Вокруг банок, роясь до самого края жидкости, были разгневанные полчища. Близко к моему лицу были линии, поднимающиеся и опускающиеся, в то время как прямо надо мной были сотни тысяч, корзина муравьев-кочевников, с силой только их нитевидных ног в качестве подвесных кабелей. Потребовалось некоторое время, чтобы привыкнуть к моему окружению, и от начала до конца я никогда не был полностью расслаблен или вполне не осознавал того, что произойдет, если ножка стула сломается или бамбук упадет поперек флигеля.
Я повернулся на сиденье стула и насчитал восемь линий муравьев-кочевников на земле, сходящихся к столбу у моего локтя. Каждая была шириной в четыре или пять рядов, и восемь линий время от времени разделялись или сливались, как сплетение капилляров. Было широкое пространство песка и глины, и не было очевидной причины, почему различные линии фуражиров не должны приближаться к гнезду одной большой колонной. Разделение и повторное разделение хорошо показывали, насколько полностью колонны были свободны от какого-либо индивидуального доминирования. Не было никакого контроля со стороны конкретных особей или солдат, но, как только общий маршрут был установлен, управляющим фактором был запах контакта.

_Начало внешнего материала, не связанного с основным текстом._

(* For every positive integer $k$, as formal power series in $q$, $$\sum_{n\ge1}\mathrm{spt}k'_{do}(n)\,q^n=T_k(q)\,(q;q^2)_\infty+2q^k(q^2;q^2)_{k-1},$$ where $T_1(q)=-q$ and $T_k(q)=(q-q^{2k-1})T_{k-1}(q)-q^{2k-1}$ for $k>1$.
   Context: For a partition $\pi$, $s(\pi)$ is its smallest part. $\mathrm{Spt}k_{do}(n)$ is the set of partitions $\pi$ of $n$ in which $s(\pi)$ occurs exactly $k$ times and the remaining parts (those larger than $s(\pi)$) are pairwise distinct and each has parity different from that of $s(\pi)$. $B_0(k,n)$ (resp. $B_1(k,n)$) is the number of $\pi\in\mathrm{Spt}k_{do}(n)$ whose number of parts greater than $s(\pi)$ is even (resp. odd), and $\mathrm{spt}k'_{do}(n)=B_0(k,n)-B_1(k,n)$. Notation: $(a;q)_0=1$, $(a;q)_n=\prod_{j=0}^{n-1}(1-aq^j)$, $(a;q)_\infty=\prod_{j\ge0}(1-aq^j)$. *)

From mathcomp Require Import all_boot all_order all_algebra.
Set Implicit Arguments. Unset Strict Implicit. Unset Printing Implicit Defensive.
Import GRing.Theory Num.Theory.
Local Open Scope ring_scope.

(* A partition of n is encoded by its multiplicity function:
   m i = number of times the part i occurs (1 <= i <= n).
   Each multiplicity is at most n, so m : {ffun 'I_n.+1 -> 'I_n.+1}. *)
Definition mults (n : nat) := {ffun 'I_n.+1 -> 'I_n.+1}.

Definition is_partition (n : nat) (m : mults n) : bool :=
  (nat_of_ord (m ord0) == 0)%N && (\sum_(i < n.+1) (i * m i)%N == n)%N.

Definition spt_do_at (k n : nat) (m : mults n) (s : 'I_n.+1) : bool :=
  [&& (0 < s)%N, (m s == k :> nat),
      [forall i : 'I_n.+1, (i < s)%N ==> (m i == 0 :> nat)] &
      [forall i : 'I_n.+1, (s < i)%N ==>
          ((m i <= 1)%N && ((m i == 1 :> nat) ==> (odd i != odd s)))]].
Lemma card_stack (X : {set Vs}) : d * #|X| <= #|stack X|.
Proof.
pose F (p : 'I_d * Vs) := lift p.1 p.2.
have lt3d (l : 'I_d) : (l : nat) < 3 * d by have := ltn_ord l; lia.
have F_inj : injective F.
  move=> [l1 x1] [l2 x2] /(lift_inj (lt3d l1) (lt3d l2)) /= [/val_inj -> ->].
  by [].
have <- : #|F @: finset.setX [set: 'I_d] X| = d * #|X|.
  by rewrite card_imset // cardsX cardsT card_ord.
apply: subset_leq_card; apply/fintype.subsetP => z /imsetP [[l x]].
rewrite inE /= => /andP[_ Hx] ->.
by rewrite inE /F /= layer_lift // proj_lift // Hx ltn_ord.
Qed.

Section Routing.
Variables (X : {set Vs}) (M : seq (Vb * Vb)) (m0 : Vb * Vb).
Hypothesis M_matching : matching_on (stack X) M.

Definition src k := (nth m0 M k).1.
Definition tgt k := (nth m0 M k).2.
Definition vertical k := (src k).1 == (tgt k).1.
Definition meets (x : Vs) k := (proj (src k) == x) || (proj (tgt k) == x).
Definition conflict k l := ~~ vertical k && ~~ vertical l &&
  [|| proj (src k) == proj (src l), proj (src k) == proj (tgt l),
      proj (tgt k) == proj (src l) | proj (tgt k) == proj (tgt l)].

Lemma ends_in_stack k : k < size M ->
  [/\ src k \in stack X, tgt k \in stack X & src k != tgt k].
Proof. by move=> Hk; apply: M_matching.1; apply: mem_nth. Qed.

Lemma ends_layer_lt k : k < size M -> layer (src k) < d /\ layer (tgt k) < d.
Proof.
move=> /ends_in_stack [Hu Hw _].
by move: Hu Hw; rewrite !inE => /andP[-> _] /andP[-> _].
Qed.

Lemma ends_idx_inj k l z : k < size M -> l < size M ->
  z \in [:: src k; tgt k] -> z \in [:: src l; tgt l] -> k = l.
Proof. exact: flatten_pairs_uniq_idx M_matching.2. Qed.

Lemma conflict_sym : symmetric conflict.
Proof.
move=> k l; rewrite /conflict; case: (vertical k); case: (vertical l) => //=.
by apply/idP/idP => /or4P [] /eqP ->; rewrite eqxx ?orbT.
Qed.

(* The pairs meeting x are told apart by the layer of their endpoint over x. *)
Lemma count_meets x : count (meets x) (iota 0 (size M)) <= d.
Proof.
pose end_at k := if proj (src k) == x then src k else tgt k.
have end_atE k : meets x k -> proj (end_at k) = x.
  by rewrite /meets /end_at; case: ifP => [/eqP|_ /eqP].
have mem_end_at k : end_at k \in [:: src k; tgt k].
  by rewrite /end_at; case: ifP; rewrite !inE eqxx ?orbT.
rewrite -size_filter -(size_map (layer \o end_at)) -[d](size_iota 0).
apply: uniq_leq_size.
  rewrite map_inj_in_uniq ?filter_uniq ?iota_uniq // => k l.
  rewrite !mem_filter !mem_iota /= => /andP[Hkx Hk] /andP[Hlx Hl] El.
  apply: (ends_idx_inj Hk Hl (mem_end_at k)).
  by rewrite (proj_layer_inj _ El) ?end_atE.
move=> y /mapP [k]; rewrite mem_filter mem_iota /= => /andP[_ Hk] ->.
by have [Hu Hw] := ends_layer_lt Hk; rewrite mem_iota /end_at; case: ifP.
Qed.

Закон проходить там, где прошли другие, неизменен, но свобода действий или индивидуальное желание умирают вместе с податливыми, пластичными концами фуражировочных колонн. Снова и снова приходило на ум сравнение всей колонии или армии с единым организмом; и теперь дом, гнездящийся рой, фокус центрального контроля, казался телом этого странного аморфного организма — вмещающим дух армии. Думаешь о колонне фуражиров как о усике, у которого только кончик чувствителен, растет и движется, в то время как подобные корпускулам отдельные муравьи движутся в потоке слепого инстинкта туда и обратно, по своим химическим поручениям. И затем вся эта теория, это самое яркое сравнение, полностью опрокидывается видами, которые я наблюдаю в пригородах этого муравьиного дома!